Halieutopsis nudiventer

Scientific classification
- Kingdom: Animalia
- Phylum: Chordata
- Class: Actinopterygii
- Order: Lophiiformes
- Family: Ogcocephalidae
- Genus: Halieutopsis
- Species: H. nudiventer
- Binomial name: Halieutopsis nudiventer (Lloyd, 1909)
- Synonyms: Dibranchus nudiventer Lloyd, 1909;

= Halieutopsis nudiventer =

- Authority: (Lloyd, 1909)
- Synonyms: Dibranchus nudiventer Lloyd, 1909

Species of fish

Halieutopsis nudiventer, the naked-belly deepsea batfish, is a species of ray-finned fish belonging to the family Ogcocephalidae, the deep sea batfishes. It was originally found in the eastern Indian Ocean around the Bay of Bengal, but is now known to have a wider distribution in the Indo-Pacific.

==Taxonomy==
Halieutopsis nudiventer Was first formally described as Halieutopsis nudiventer in 1909 by the British biologist and Indian Medical Service doctor Richard E. Lloyd with its type locality given As the Bay of Bengal off Arakan in modern Myanmar.

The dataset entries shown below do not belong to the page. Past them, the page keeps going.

Lemma face_shift d : mxspan W d -> F (xs + (r / (2 * enorm d)) *: d).
Proof.
move=> dW; apply: ball_sub_face.
  by apply: mxspanD; [apply: face_sub_mxspan | apply: mxspanZ].
rewrite addrAC subrr add0r enormZ ger0_norm ?divr_ge0 ?mulr_ge0 ?enorm_ge0 ?(ltW r_gt0) //.
have [-> | d_neq0] := eqVneq d 0; first by rewrite enorm0 mulr0.
rewrite (_ : r / (2 * enorm d) * enorm d = r / 2); last by field; rewrite enorm_eq0.
by rewrite ltr_pdivrMr // ltr_pMr // ltr1n.
Qed.

Let Axs : A *m xs = b. Proof. by case: xs_sol => [[]]. Qed.

Lemma face_kerA_eq0 d : F d -> A *m d = 0 -> d = 0.
Proof.
move=> Fd Ad0; apply: (bounded_ray_eq0 X_bounded (x := xs)) => t t_ge0.
apply: comp_face_primal_sol; last by rewrite mulmxDr -scalemxAr Ad0 scaler0 addr0.
by apply: cone_convexD => //; apply: F_cone.2.
Qed.

(* Push [xs] towards [u - z] inside the face, then pull back to [z]: the
   convex combination lands on the segment [[xs, u]], inside [X]. *)
Lemma dist_sol_le_face_point u z : mxspan W u -> A *m u = b -> F z ->
  dist u X * r <= 2 * enorm (u - z) * enorm (u - xs).
Proof.
move=> uW Au Fz; set w := enorm (u - z).
have [w0 | w_neq0] := eqVneq w 0.
  move/eqP: w0; rewrite enorm_eq0 subr_eq0 => /eqP uz.
  have Xu : X u by apply: comp_face_primal_sol => //; rewrite uz.
  by rewrite dist_mem // mul0r !mulr_ge0 ?enorm_ge0.
have w_gt0 : 0 < w by rewrite lt_neqAle eq_sym w_neq0 enorm_ge0.
set a := r / (2 * w); set l := 2 * w / (r + 2 * w).
have rw_gt0 : 0 < r + 2 * w by rewrite addr_gt0 ?mulr_gt0.
have Fp : F (xs + a *: (u - z)) := face_shift (mxspanB uW (face_sub_mxspan Fz)).
have l01 : 0 <= l <= 1.
  rewrite /l divr_ge0 ?(ltW rw_gt0) ?mulr_ge0 ?(ltW w_gt0) //=.
  by rewrite ler_pdivrMr // mul1r lerDr (ltW r_gt0).
have la : l * a = 1 - l by rewrite /l /a; field; rewrite !gt_eqF.
have Xy : X (l *: xs + (1 - l) *: u).
  apply: comp_face_primal_sol.
    have -> : l *: xs + (1 - l) *: u = l *: (xs + a *: (u - z)) + (1 - l) *: z.
      by apply/matrixP => i j; rewrite !mxE mulrDr mulrA la; ring.
    exact: F_convex.
  by rewrite mulmxDr -!scalemxAr Axs Au -scalerDl addrC subrK scale1r.
have := dist_le u Xy.
have -> : u - (l *: xs + (1 - l) *: u) = l *: (u - xs) by apply/matrixP => i j; rewrite !mxE; ring.
rewrite enormZ ger0_norm; last by case/andP: l01.
have lr : l * r <= 2 * w by rewrite /l mulrAC ler_pdivrMr //; nra.
have := enorm_ge0 (u - xs); have := dist_ge0 u X; nra.
Qed.

Lemma dist_sol_le_dist_face u : mxspan W u -> A *m u = b ->
  dist u X * r <= 2 * enorm (u - xs) * dist u F.
Proof.
move=> uW Au; apply: lb_le_mul_dist; [by rewrite mulr_ge0 ?enorm_ge0 | by exists xs |].
by move=> z Fz; rewrite mulrAC dist_sol_le_face_point.
Qed.

Lemma feasible_dist_sol_bound : exists2 kappa, 0 <= kappa &
  forall u, mxspan W u -> A *m u = b -> dist u X <= kappa * dist u F.
Proof.
have [al al_gt0 al_le] := cone_ker_error_bound F_cone F_closed face_kerA_eq0.
have ral_gt0 : 0 < r * al by rewrite mulr_gt0.
exists (4 * enorm xs / (r * al) + 2 / al) => [|u uW Au].
  by rewrite addr_ge0 ?divr_ge0 ?mulr_ge0 ?enorm_ge0 ?ler0n ?(ltW r_gt0) ?(ltW al_gt0).
set D := u - xs; set delta := dist u F.
have dX_le : dist u X <= enorm D := dist_le u xs_sol.
have D_le : al * enorm D <= enorm xs + delta.
  have := al_le D; rewrite mulmxBr Au Axs subrr enorm0 add0r => /le_trans; apply.
  have := dist_triangle D u (ex_intro _ _ xs_face).
  by rewrite /D addrAC subrr add0r enormN; apply.
have dXr := dist_sol_le_dist_face uW Au; rewrite -/D -/delta in dXr.
rewrite -(ler_pM2r ral_gt0) mulrAC.
have -> : (4 * enorm xs / (r * al) + 2 / al) * (r * al) = 4 * enorm xs + 2 * r.
  by field; rewrite !gt_eqF.
have := enorm_ge0 xs; have := dist_ge0 u F; rewrite -/delta => delta_ge0 xs_ge0.
have [delta_le | delta_gt] := lerP delta (enorm xs).
  have := ler_wpM2r (ltW al_gt0) dXr.
  have : 2 * delta * (al * enorm D) <= 2 * delta * (2 * enorm xs).
    by rewrite ler_wpM2l ?mulr_ge0 //; lra.
  have := mulr_ge0 (mulr_ge0 (ler0n _ 2) (ltW r_gt0)) delta_ge0; nra.
have := ler_wpM2r (ltW ral_gt0) dX_le.
have : r * (al * enorm D) <= r * (2 * delta) by rewrite ler_wpM2l ?(ltW r_gt0) //; lra.
have := mulr_ge0 (mulr_ge0 (ler0n _ 4) xs_ge0) delta_ge0; nra.
Qed.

In 1999 Margaret G. Bradbury examined the remains of the type specimen of D. nudiventer and determined that it did not belong to Dibranchus, stating it belonged in Halieutopsis and suggesting that it appeared closest to H. vermicularis. In 2021 Ho "Hans" Hsuan-Ching confirmed that H. nudiventer was a valid species, that it should be classified in Halieutopsis and that H. vermicularis was a junior synonym of H. nasuta. The genus Halieutopsis is classified within the "Indo-Pacific clade" of the family Ogcocephalidae. The family Ogcocephalidae is classified in the monotypic suborder Ogcocephaloidei within the order Lophiiformes, the anglerfishes in the 5th edition of Fishes of the World.

==Etymology==
Halieutopsis nudiventer has the genus name Halieutopsis which suffixes opsis, meaning "looking like" to halieut which is derived from halieutaea, Greek for an "angler" or "fisherman". This name is a reference to this genus' resemblance to the genus Halieutaea. The specific name nudiventer means "naked belly", an allusion to the lack of spines on its ventral surfaces.

==Description==
Halieutopsis nudiventer has its head and body flattened into an oval disc, with thecranium slightly higher than the rest of the disc, which has alength that is just greater than its width. The rostrum is a small shelf-like structure protruding from the head and overhanging the mouth. The tubercle on the tip of the rostrum is an unforked spine which points upwards. The illicial cavity is a slight depression which has an opening which is wider than its height, the illicial cavity is just visible from below. It has a three lobed esca with large, leaf-like upper lobe which has two small flaps on the tip, and pair of rounded lower lobes. It has very small, oval-shaped eyes which point upwards and outwards. The mouth is moderately large with the upper jaw overlapping the lower jaw. The main tubercles on the upper surface are dispersed, needle-like and typically have between 10 and 14 facets. The tubercles on the edge of the disc are forked with depressions at their bases and those on the subopercle are split into 3 or 4 short spines while those on the tail are simple spines with no forks. The lower surfaces of the disk and tail are naked, apart a group of between 2 and 6 tubercles at the base of the pelvic fins., The only tubercles on the tail are associated with the lateral line. The standard length varies between 38.3 and 77.5 mm>

==Distribution and habitat==
Halieutopsis nudiventer is found in the Indo-Pacific region where it has been recorded as far west as South Africa east as far as New Caledonia and Vanuatu. It is found at depths between 430 and 1760 m, typically at depths of less than 1000 m.